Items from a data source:
Lemma pos_seed_inj c : injective (fun s => pos s c).
Proof.
move=> s s' e; apply: val_inj; move: e; have := ltn_ord s.
have := ltn_ord c; have := ltn_ord s'.
by case: (posP s c); case: (posP s' c) => /= *; lia.
Qed.

Lemma pos_add s d c : pos s d <= pos s c -> pos s d + pos d c = pos s c.
Proof.
have := ltn_ord s; have := ltn_ord c; have := ltn_ord d.
by case: (posP s c); case: (posP s d); case: (posP d c) => *; lia.
Qed.

Lemma pos_add_wrap s d c : pos s c < pos s d -> pos s d + pos d c = pos s c + n.
Proof.
have := ltn_ord s; have := ltn_ord c; have := ltn_ord d.
by case: (posP s c); case: (posP s d); case: (posP d c) => *; lia.
Qed.

Lemma card_pos_lt c k : k <= n -> #|[set s | pos s c < k]| = k.
Proof.
move=> le_kn; pose g s := Ordinal (pos_lt s c).
have g_inj : injective g by move=> s s' /(congr1 val) /pos_seed_inj.
rewrite -[RHS](card_ord_lt le_kn) -(card_preimset [set i : 'I_n | i < k] g_inj).
by apply: eq_card => s; rewrite !inE.
Qed.

Definition voters S c : {set 'I_n} := [set s | votes_for S s c].

Lemma Xi_hits m (f : {ffun 'I_m -> 'I_n}) S c : Xi f S c = hits f (voters S c).
Proof. by apply: eq_card => j; rewrite !inE. Qed.

Lemma votes_for_uniq S s c c' : votes_for S s c -> votes_for S s c' -> c = c'.
Proof.
move=> /andP[cS /forall_inP le_c] /andP[c'S /forall_inP le_c'].
by apply: (@pos_inj s); apply/eqP; rewrite eqn_leq le_c ?le_c'.
Qed.

Lemma voters_disjoint S c c' : c != c' -> [disjoint voters S c & voters S c'].
Proof.
move=> neq_cc'; rewrite -setI_eq0; apply/eqP/setP => s; rewrite !inE.
by apply/andP => -[/votes_for_uniq vc /vc eq_cc']; rewrite eq_cc' eqxx in neq_cc'.
Qed.

(* A voter for c lies on the arc running from d (excluded) to c. *)
Lemma votes_for_pos_lt S s c d : votes_for S s c -> d \in S -> d != c -> pos s c < pos d c.
Proof.
move=> /andP[_ /forall_inP le_c] dS neq_dc.
case: (ltngtP (pos s c) (pos s d)) => [lt|gt|/pos_inj eq_cd].
- by have := pos_add_wrap lt; have := pos_lt s d; lia.
- by have := le_c d dS; lia.
- by rewrite eq_cd eqxx in neq_dc.
Qed.

Lemma card_voters_le S c d : d \in S -> d != c -> #|voters S c| <= pos d c.
Proof.
move=> dS neq_dc; rewrite -(card_pos_lt c (ltnW (pos_lt d c))).
by apply/subset_leq_card/fintype.subsetP => s; rewrite !inE => /votes_for_pos_lt; apply.
Qed.

Lemma card_voters_le_sub S c k : 0 < k <= c -> inord (c - k) \in S -> #|voters S c| <= k.
Proof.
move=> /andP[k_gt0 le_kc] dS; set d : 'I_n := inord (c - k).
have val_d : d = c - k :> nat.
  by rewrite inordK // (leq_ltn_trans (leq_subr k c)).
have pos_dc : pos d c = k by move: val_d; case: (posP d c) => *; lia.
rewrite -pos_dc; apply: card_voters_le dS _.
by rewrite -val_eqE /= val_d; apply/eqP; lia.
Qed.

Lemma card_voters_ge S c k : k <= n -> c \in S ->
  (forall d, d != c -> pos d c < k -> d \notin S) -> k <= #|voters S c|.
Proof.
move=> le_kn cS gap; rewrite -{1}(card_pos_lt c le_kn).
apply/subset_leq_card/fintype.subsetP => s; rewrite !inE => lt_k.
rewrite /votes_for cS; apply/forall_inP => d dS; rewrite leqNgt; apply/negP => lt_dc.
have neq_dc : d != c by apply: contraTneq lt_dc => ->; rewrite ltnn.
apply: (negP (gap d neq_dc _) dS).
by have := pos_add (ltnW lt_dc); lia.
Qed.

End CyclicPosition.

Lemma sum_mem_card (R : realType) (T : finType) (P : {set T}) :
  (\sum_(s : T) (s \in P)%:R = #|P|%:R :> R)%R.
Proof.
rewrite -sum1_card natr_sum [RHS]big_mkcond.
by apply: eq_bigr => s _; case: (s \in P).
Qed.

Section ExponentialMoment.
Variables (R : realType) (T : finType) (m : nat).
Local Open Scope ring_scope.
Implicit Types (P Q : {set T}).

(* Exponential Markov inequality for the multinomial counts: weight each value by
   x on Q and by x^-1 on P, so that every tuple of the event has weight >= 1. *)
Lemma card_hits_le_exp P Q (x : R) : 1 <= x -> [disjoint P & Q] ->
  #|[set f : {ffun 'I_m -> T} | (hits f P <= hits f Q)%N]|%:R
    <= (#|T|%:R - #|P|%:R * (1 - x^-1) + #|Q|%:R * (x - 1)) ^+ m.
Proof.
move=> x_ge1 disPQ; have x_gt0 : 0 < x by apply: lt_le_trans x_ge1.
pose w s : R := (if s \in Q then x else 1) * (if s \in P then x^-1 else 1).
have w_ge0 s : 0 <= w s.
  by rewrite mulr_ge0 //; case: ifP; rewrite ?invr_ge0 ?ltW.
have prod_w (f : {ffun 'I_m -> T}) : \prod_j w (f j) = x ^+ hits f Q * x^-1 ^+ hits f P.
  rewrite big_split /= -!big_mkcond /= -!prodr_const.
  by congr (_ * _); apply: eq_bigl => j; rewrite inE.
have prod_w_ge1 (f : {ffun 'I_m -> T}) :
    (hits f P <= hits f Q)%N -> 1 <= \prod_j w (f j).
  move=> le_PQ; rewrite prod_w -(subnK le_PQ) exprD exprVn -mulrA.
  by rewrite mulfV ?expf_neq0 ?gt_eqF // mulr1 exprn_ege1.
have sum_w : \sum_s w s = #|T|%:R - #|P|%:R * (1 - x^-1) + #|Q|%:R * (x - 1).
  rewrite -!sum_mem_card -sumr_const !mulr_suml -sumrB -big_split /=.
  apply: eq_bigr => s _; rewrite /w; case: (boolP (s \in P)) => sP.
    by rewrite (disjointFr disPQ sP) /=; ring.
  by case: (s \in Q) => /=; ring.
have markov : #|[set f : {ffun 'I_m -> T} | (hits f P <= hits f Q)%N]|%:R
    <= \sum_(f : {ffun 'I_m -> T}) \prod_j w (f j).
  rewrite -sum_mem_card; apply: ler_sum => f _; rewrite inE.
  by case: leqP => [/prod_w_ge1 //|_]; rewrite prodr_ge0.
apply: (le_trans markov).
by rewrite -(bigA_distr_bigA (fun (_ : 'I_m) (s : T) => w s)) prodr_const card_ord sum_w.
Qed.

(* With x = (2q + 2) / (2q + 1) the bound of [card_hits_le_exp] drops by 1 / (4q + 2). *)
Lemma card_hits_le P Q q : [disjoint P & Q] -> (q < #|P|)%N -> (#|Q| <= q)%N ->
  #|[set f : {ffun 'I_m -> T} | (hits f P <= hits f Q)%N]|%:R
    <= (#|T|%:R - (4 * q + 2)%:R^-1) ^+ m :> R.
Proof.
move=> disPQ lt_qP le_Qq.
have q_ge0 : 0 <= q%:R :> R by [].
pose a : R := 2 * q%:R + 1.
have a_gt0 : 0 < a by rewrite /a; lra.
have x_ge1 : 1 <= (a + 1) / a by rewrite ler_pdivlMr // mul1r lerDl.
apply: le_trans (card_hits_le_exp x_ge1 disPQ) _.
have -> : (a + 1) / a - 1 = a^-1 by field; rewrite gt_eqF.
have -> : 1 - ((a + 1) / a)^-1 = (a + 1)^-1.
  by rewrite invf_div; field; rewrite gt_eqF //; lra.
have half : q.+1%:R * (a + 1)^-1 = 2^-1 by rewrite -natr1 /a; field; rewrite gt_eqF //; lra.
have gap : 2^-1 - q%:R * a^-1 = (4 * q + 2)%:R^-1.
  by rewrite natrD natrM /a; field; rewrite gt_eqF //; lra.
have inv_a_gt0 : 0 < a^-1 by rewrite invr_gt0.
have inv_a1_gt0 : 0 < (a + 1)^-1 by rewrite invr_gt0; lra.
have inv_a1_le1 : (a + 1)^-1 <= 1 by rewrite invf_le1; lra.
have inv_gap_le1 : (4 * q + 2)%:R^-1 <= 1 :> R by rewrite invf_le1 // ler1n addn2.
have le_qP : q.+1%:R <= #|P|%:R :> R by rewrite ler_nat.
have le_PT : #|P|%:R <= #|T|%:R :> R by rewrite ler_nat max_card.
have le_P_half : q.+1%:R * (a + 1)^-1 <= #|P|%:R * (a + 1)^-1 by rewrite ler_wpM2r // ltW.
have le_Q_term : #|Q|%:R * a^-1 <= q%:R * a^-1 by rewrite ler_wpM2r ?ler_nat // ltW.
have le_P_term : #|P|%:R * (a + 1)^-1 <= #|P|%:R by rewrite ler_piMr // ltW.
have ge0_Q_term : 0 <= #|Q|%:R * a^-1 by rewrite mulr_ge0 // ltW.
apply: lerXn2r; rewrite ?nnegrE; lra.
Qed.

- **What this task involves**
Proceeding from the line containing "move=> dS neq_dc;" through the line containing "rewrite -sum1_card natr_sum [RHS]big_mkcond.", transcribe the lines above exactly, both end lines included.

- **Solution to the problem**
move=> dS neq_dc; rewrite -(card_pos_lt c (ltnW (pos_lt d c))).
by apply/subset_leq_card/fintype.subsetP => s; rewrite !inE => /votes_for_pos_lt; apply.
Qed.

Lemma card_voters_le_sub S c k : 0 < k <= c -> inord (c - k) \in S -> #|voters S c| <= k.
Proof.
move=> /andP[k_gt0 le_kc] dS; set d : 'I_n := inord (c - k).
have val_d : d = c - k :> nat.
  by rewrite inordK // (leq_ltn_trans (leq_subr k c)).
have pos_dc : pos d c = k by move: val_d; case: (posP d c) => *; lia.
rewrite -pos_dc; apply: card_voters_le dS _.
by rewrite -val_eqE /= val_d; apply/eqP; lia.
Qed.

Lemma card_voters_ge S c k : k <= n -> c \in S ->
  (forall d, d != c -> pos d c < k -> d \notin S) -> k <= #|voters S c|.
Proof.
move=> le_kn cS gap; rewrite -{1}(card_pos_lt c le_kn).
apply/subset_leq_card/fintype.subsetP => s; rewrite !inE => lt_k.
rewrite /votes_for cS; apply/forall_inP => d dS; rewrite leqNgt; apply/negP => lt_dc.
have neq_dc : d != c by apply: contraTneq lt_dc => ->; rewrite ltnn.
apply: (negP (gap d neq_dc _) dS).
by have := pos_add (ltnW lt_dc); lia.
Qed.

End CyclicPosition.

Lemma sum_mem_card (R : realType) (T : finType) (P : {set T}) :
  (\sum_(s : T) (s \in P)%:R = #|P|%:R :> R)%R.
Proof.
rewrite -sum1_card natr_sum [RHS]big_mkcond.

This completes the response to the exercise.